= Beginning of Section =
(* In the setting described in the context, suppose $T$ and $A$ are irreducible. Then for $0<y<r_A$ and $\nu=0,1,\dots,\tau-1$, \[ \delta(\Gamma_A^*(y\omega_\tau^\nu))=\delta(\Gamma_A^*(y)),\qquad \mu(y\omega_\tau^\nu)=\mu(y)\Delta_M(\omega_\tau^\nu)^{-1},\qquad v(y\omega_\tau^\nu)=\Delta_M(\omega_\tau^\nu)v(y). \]
   Context: Let $M_0,M$ be positive integers. Consider a discrete-time Markov chain of M/G/1 type with state space $\{(0,j):1\le j\le M_0\}\cup\{(k,j):k\ge1,1\le j\le M\}$ and transition matrix in lexicographic order \[ T=\begin{pmatrix}B(0)&B(1)&B(2)&\cdots\\ C(0)&A(1)&A(2)&\cdots\\ O&A(0)&A(1)&\cdots\\ O&O&A(0)&\cdots\\ \vdots&\vdots&\vdots&\ddots\end{pmatrix}, \] with nonnegative blocks $A(k)$ ($M\times M$), $B(0)$, $B(k)$, $C(0)$ of compatible sizes, $A=\sum_{k\ge0}A(k)$ stochastic, $B(0)e+\sum_{k\ge1}B(k)e=e$. $A^*(z)=\sum_{k\ge0}z^kA(k)$ has convergence radius $r_A$; $\Gamma_A^*(z)=z^{-1}A^*(z)$. For a square complex matrix $X$, $\delta(X)$ is a maximum-modulus eigenvalue with nonnegative argument and maximal real part among maximum-modulus eigenvalues. Period $\tau$: in the Markov additive process on $\mathbb Z\times\{1,\dots,M\}$ moving from $(k_0,i)$ to $(k_0+k,j)$ with probability $[\Gamma_A(k)]_{i,j}$, where $\Gamma_A(k)=A(k+1)$ ($k\ge-1$), $O$ ($k\le-2$), $\tau$ is the common value of $\gcd\{k\ne0:(0,j)\to(k,j)\}$ ($\to$ = reachable with positive probability in $\ge1$ steps). Fix $p:\{1,\dots,M\}\to\{0,\dots,\tau-1\}$ with $[\Gamma_A(k)]_{i,j}>0$ only if $k\equiv p(j)-p(i)\pmod\tau$, and set $\Delta_M(z)=\mathrm{diag}(z^{-p(1)},\dots,z^{-p(M)})$. For $z\in\mathbb C$, $\mu(z)$ and $v(z)$ denote left and right eigenvectors of $\Gamma_A^*(z)$ for the eigenvalue $\delta(\Gamma_A^*(z))$, normalized by $\mu(z)\Delta_M(z/|z|)e=1$ and $\mu(z)v(z)=1$. $\omega_\tau=\exp(2\pi\iota/\tau)$. *)

From HB Require Import structures.
From mathcomp Require Import all_boot all_order all_algebra.
From mathcomp Require Import all_classical all_reals all_analysis.
From mathcomp Require Import complex.
Set Implicit Arguments. Unset Strict Implicit. Unset Printing Implicit Defensive.
Import Order.TTheory GRing.Theory Num.Theory.
Import numFieldTopology.Exports numFieldNormedType.Exports.
Local Open Scope ring_scope.
Local Open Scope complex_scope.

Inductive reach (S : Type) (r : S -> S -> Prop) : S -> S -> Prop :=
| reach1 x y : r x y -> reach r x y
| reachS x y z : r x y -> reach r y z -> reach r x z.

(* States: Lev0 i = (0,i), 1<=i<=M0 ; LevS n j = (n+1, j), 1<=j<=M. *)
Inductive mg1_state (M0 M : nat) : Type :=
| Lev0 of 'I_M0
| LevS of nat & 'I_M.

Section Defs.
Variable R : realType.
Local Notation C := (R[i]).

(* Transition matrix T of the M/G/1-type chain.
   B0 = B(0) (M0 x M0); Bs n = B(n+1) (M0 x M); C0 = C(0) (M x M0);
   A k = A(k) (M x M). *)
Definition mg1_T (M0 M : nat) (B0 : 'M[R]_(M0, M0)) (Bs : nat -> 'M[R]_(M0, M))
  (C0 : 'M[R]_(M, M0)) (A : nat -> 'M[R]_M) (x y : mg1_state M0 M) : R :=
  match x, y with
  | Lev0 i, Lev0 j => B0 i j
  | Lev0 i, LevS n j => Bs n i j
  | LevS 0 i, Lev0 j => C0 i j
  | LevS _ _, Lev0 _ => 0
  | LevS m i, LevS n j => if (m <= n.+1)%N then A (n.+1 - m)%N i j else 0
  end.

Definition irreducible_mx (S : Type) (P : S -> S -> R) : Prop :=
  forall x y, reach (fun a b => 0 < P a b) x y.

Definition Asum (M : nat) (A : nat -> 'M[R]_M) : 'M[R]_M :=
  \matrix_(i, j) limn (series (fun k => A k i j)).

Definition conv_radius (M : nat) (A : nat -> 'M[R]_M) : \bar R :=
  ereal_sup [set r%:E | r in [set r : R | 0 <= r /\
      forall i j, cvgn (series (fun k => r ^+ k * A k i j))]].

Definition Astar (M : nat) (A : nat -> 'M[R]_M) (z : C) : 'M[C]_M :=
  \matrix_(i, j)
    (limn (series (fun k => A k i j * complex.Re (z ^+ k))) +i*
     limn (series (fun k => A k i j * complex.Im (z ^+ k)))).

Definition GammaStar (M : nat) (A : nat -> 'M[R]_M) (z : C) : 'M[C]_M :=
  z^-1 *: Astar A z.

(* delta(X): maximum-modulus eigenvalue with nonnegative argument
   (i.e. Im >= 0, argument in (-pi, pi]) having maximal real part among
   the maximum-modulus eigenvalues with nonnegative argument. *)
Definition is_delta (M : nat) (X : 'M[C]_M) (d : C) : Prop :=
  eigenvalue X d /\
  (forall e, eigenvalue X e -> `|e| <= `|d|) /\
  0 <= complex.Im d /\
  (forall e, eigenvalue X e -> `|e| = `|d| -> 0 <= complex.Im e ->
     complex.Re e <= complex.Re d).

Definition DeltaM (M : nat) (p : 'I_M -> nat) (z : C) : 'M[C]_M :=
  diag_mx (\row_j (z ^+ p j)^-1).

Definition onesC (M : nat) : 'cV[C]_M := const_mx 1.

Definition is_mu (M : nat) (A : nat -> 'M[R]_M) (p : 'I_M -> nat) (z : C)
  (mu : 'rV[C]_M) : Prop :=
  exists d, is_delta (GammaStar A z) d /\ mu *m GammaStar A z = d *: mu /\
    mu *m DeltaM p (z / `|z|) *m onesC M = 1%:M.

Definition is_v (M : nat) (A : nat -> 'M[R]_M) (z : C)
  (mu : 'rV[C]_M) (v : 'cV[C]_M) : Prop :=
  exists d, is_delta (GammaStar A z) d /\ GammaStar A z *m v = d *: v /\
    mu *m v = 1%:M.

(* Markov additive process on Z x {1..M}: (k0,i) -> (k0+k,j) with
   probability [Gamma_A(k)]_{ij}, Gamma_A(k) = A(k+1) (k >= -1), O otherwise. *)
Definition Gamma_k (M : nat) (A : nat -> 'M[R]_M) (k : int) : 'M[R]_M :=
  match k with
  | Posz n => A n.+1
  | Negz 0 => A 0%N
  | Negz _ => 0
  end.

Definition map_step (M : nat) (A : nat -> 'M[R]_M) (x y : int * 'I_M) : Prop :=
  0 < Gamma_k A (y.1 - x.1) x.2 y.2.

Definition is_gcd_set (S : set int) (tau : nat) : Prop :=
  (forall k, S k -> (tau%:Z %| k)%Z) /\
  (forall d : int, (forall k, S k -> (d %| k)%Z) -> (d %| tau%:Z)%Z).

Definition is_period (M : nat) (A : nat -> 'M[R]_M) (tau : nat) : Prop :=
  forall j : 'I_M, is_gcd_set
    [set k : int | k != 0 /\ reach (map_step A) (0, j) (k, j)] tau.

Definition omega (tau : nat) : C :=
  cos (2 * pi / tau%:R) +i* sin (2 * pi / tau%:R).

End Defs.

From HB Require Import structures.
From mathcomp Require Import all_boot all_order all_algebra.
From mathcomp Require Import all_classical all_reals all_analysis.
From mathcomp Require Import complex.
From mathcomp Require Import ring polyrcf.
Import Order.TTheory GRing.Theory Num.Theory.
Import numFieldTopology.Exports numFieldNormedType.Exports.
= End of Section =
### Problem to solve
Report every line in the data that holds "exists", copying each one.

### Final answer
  exists d, is_delta (GammaStar A z) d /\ mu *m GammaStar A z = d *: mu /\
  exists d, is_delta (GammaStar A z) d /\ GammaStar A z *m v = d *: v /\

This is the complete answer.